Systematic processing has been shown to be beneficial in social influence settings. Systematic reasoning has been shown to be successful in producing more valid solutions during group discussions and greater solution accuracy. Shestowsky's (1998) research in dyad discussions revealed that the individual in the dyad who had high motivation and high need in cognition had the greater impact on group decisions. However, a limitation of systemic processing is that it may not capture the full complexity of how emotional states interact with different memory systems and processing types. By focusing on specific tasks or processing methods, it may overlook other factors, such as individual differences in how emotions influence memory encoding or attention. A solution is to use a broader approach that combines different memory tasks, emotional states, and individual differences to better understand how emotions affect memory.

====Heuristic processing====
Heuristic processing occurs when individuals have low motivation and/or low cognitive ability to process a message. Instead of focusing on the argument of the message, recipients using heuristic processing focus on more readily accessible information and other unrelated cues, such as the authority or attractiveness of the speaker. Individuals who process a message through heuristic processing do not internalize the message, and thus any attitude change resulting from the persuasive message is temporary and unstable.

For example, people are more likely to grant favors if reasons are provided. A study shows that when people said, "Excuse me, I have five pages to xerox. May I use the copier?" they received a positive response of 60%. The statement, "Excuse me, I have five pages to xerox. I am in a rush. May I use the copier?" produced a 95% success rate.

Heuristic processing examples include social proof, reciprocity, authority, and liking.
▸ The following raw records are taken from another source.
Lemma winning_game_vertex F : (0 < n)%N -> F \in centered setT ->
  is_vertex (winning_game F).
Proof.
move=> n_gt0 cF; have [i iF] := centered_common (Ordinal n_gt0) cF.
have wE : winning_game F
    = scaled_game (fun S => ((S \in F) || (S == setT))%:R) (unit_vector i).
  apply/ffunP => S; rewrite !ffunE sum_unit_vector.
  have [/iF->|_] := boolP (S \in F); first by rewrite mulr1.
  by have [->|_] := eqVneq S setT; rewrite ?in_setT ?mulr1 ?mul0r.
split.
  rewrite wE; apply: BGplus_scaled (in_simplex_unit i).
  by split=> [S|]; rewrite ?eqxx ?orbT // ler0n lern1 leq_b1.
move=> u w t Bu Bw /andP[t_gt0 t_lt1] E; apply/ffunP => S.
have := E S; have := BGplus_le1 S Bu; have := BGplus_le1 S Bw.
have := Bu.2.2.1 S; have := Bw.2.2.1 S.
(* 0 and 1 are not proper convex combinations of two distinct points of [0, 1]. *)
rewrite ffunE; case: (_ || _) => /=; nra.
Qed.

Lemma winning_game_inj : {in centered setT &, injective winning_game}.
Proof.
have setT_notin F : F \in centered setT -> setT \notin F.
  rewrite inE => /andP[/subsetP sF _].
  by apply/negP => /sF; rewrite inE properT eqxx.
move=> F1 F2 cF1 cF2 E; apply/setP => S.
have := congr1 (fun g : game R n => g S) E; rewrite !ffunE.
have [->|_] := eqVneq S setT; first by rewrite !(negbTE (setT_notin _ _)).
by rewrite !orbF => /eqP; rewrite eqr_nat; do 2 case: (S \in _).
Qed.

End Vertices.

Theorem theorem10 (R : realType) (f : nat -> int)
  (f1 : f 1%N = 0)
  (frec : forall n : nat, (1 < n)%N ->
     f n = \sum_(1 <= k < n) ('C(n, k))%:Z * (2%:Z ^+ (2 ^ k - 1) - f k - 1))
  (n : nat) (hn : (1 <= n)%N) :
  exists s : seq (game R n),
    [/\ uniq s, (forall v : game R n, v \in s <-> is_vertex v)
      & (size s)%:Z = f n + 1].
Proof.
exists [seq winning_game R F | F <- enum (centered [set: 'I_n])]; split.
- rewrite map_inj_in_uniq ?enum_uniq // => F1 F2.
  by rewrite !mem_enum; apply: winning_game_inj.
- move=> v; split.
    by case/mapP => F; rewrite mem_enum => cF ->; apply: winning_game_vertex.
  by case/vertex_winning_game => F cF ->; apply/mapP; exists F; rewrite ?mem_enum.
- by rewrite size_map -cardE (card_centered f1 frec) cardsT card_ord.
Qed.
- Social proof is the means by which we utilize other people's behaviors in order to form our own beliefs. Our attitudes toward following the majority change when a situation appears uncertain or ambiguous to us, when the source is an expert, or when the source is similar to us. In a study conducted by Sherif, he discovered the power of crowds when he worked with experimenters who looked up in the middle of New York City. As the number of the precipitating group increased, the percentage of passers-by who looked up increased as well.
- Reciprocity compels people to repay favors, the behavior is motivated by an unconscious sense of obligation. We are most likely to reciprocate when the original favor was unrequested and made out of kindness, suggesting a positive attitude towards the other party. In Regan’s study on reciprocity, participants were twice as likely to purchase raffle tickets from a confederate when the confederate had earlier given them an unsolicited soda. The fundamentals of reciprocity can be seen in persuasion tactics such as the foot-in-the-door technique (small requests followed by larger requests), and its opposite, the door-in-the-face technique (large requests followed by more minor requests).
- Authority plays a role in attitude change in situations where there are superior-inferior relationships. We are more likely to become obedient to authorities when the authority's expertise is perceived as high and when we anticipate receiving rewards. A famous study that constitutes the difference in attitude change is the Milgram experiment, where people changed their attitude to "shocking their partner" more when they followed authorities whereas the subjects themselves would have not done so otherwise.
- Liking has shown that if one likes another party, one is more inclined to carry out a favor. The attitude changes are based on whether an individual likes an idea or person, and if he or she does not like the other party, he/she may not carry out the favor or do so out of obligation. Liking can influence one's opinions through factors such as physical attractiveness, similarities, compliments, contact and cooperation.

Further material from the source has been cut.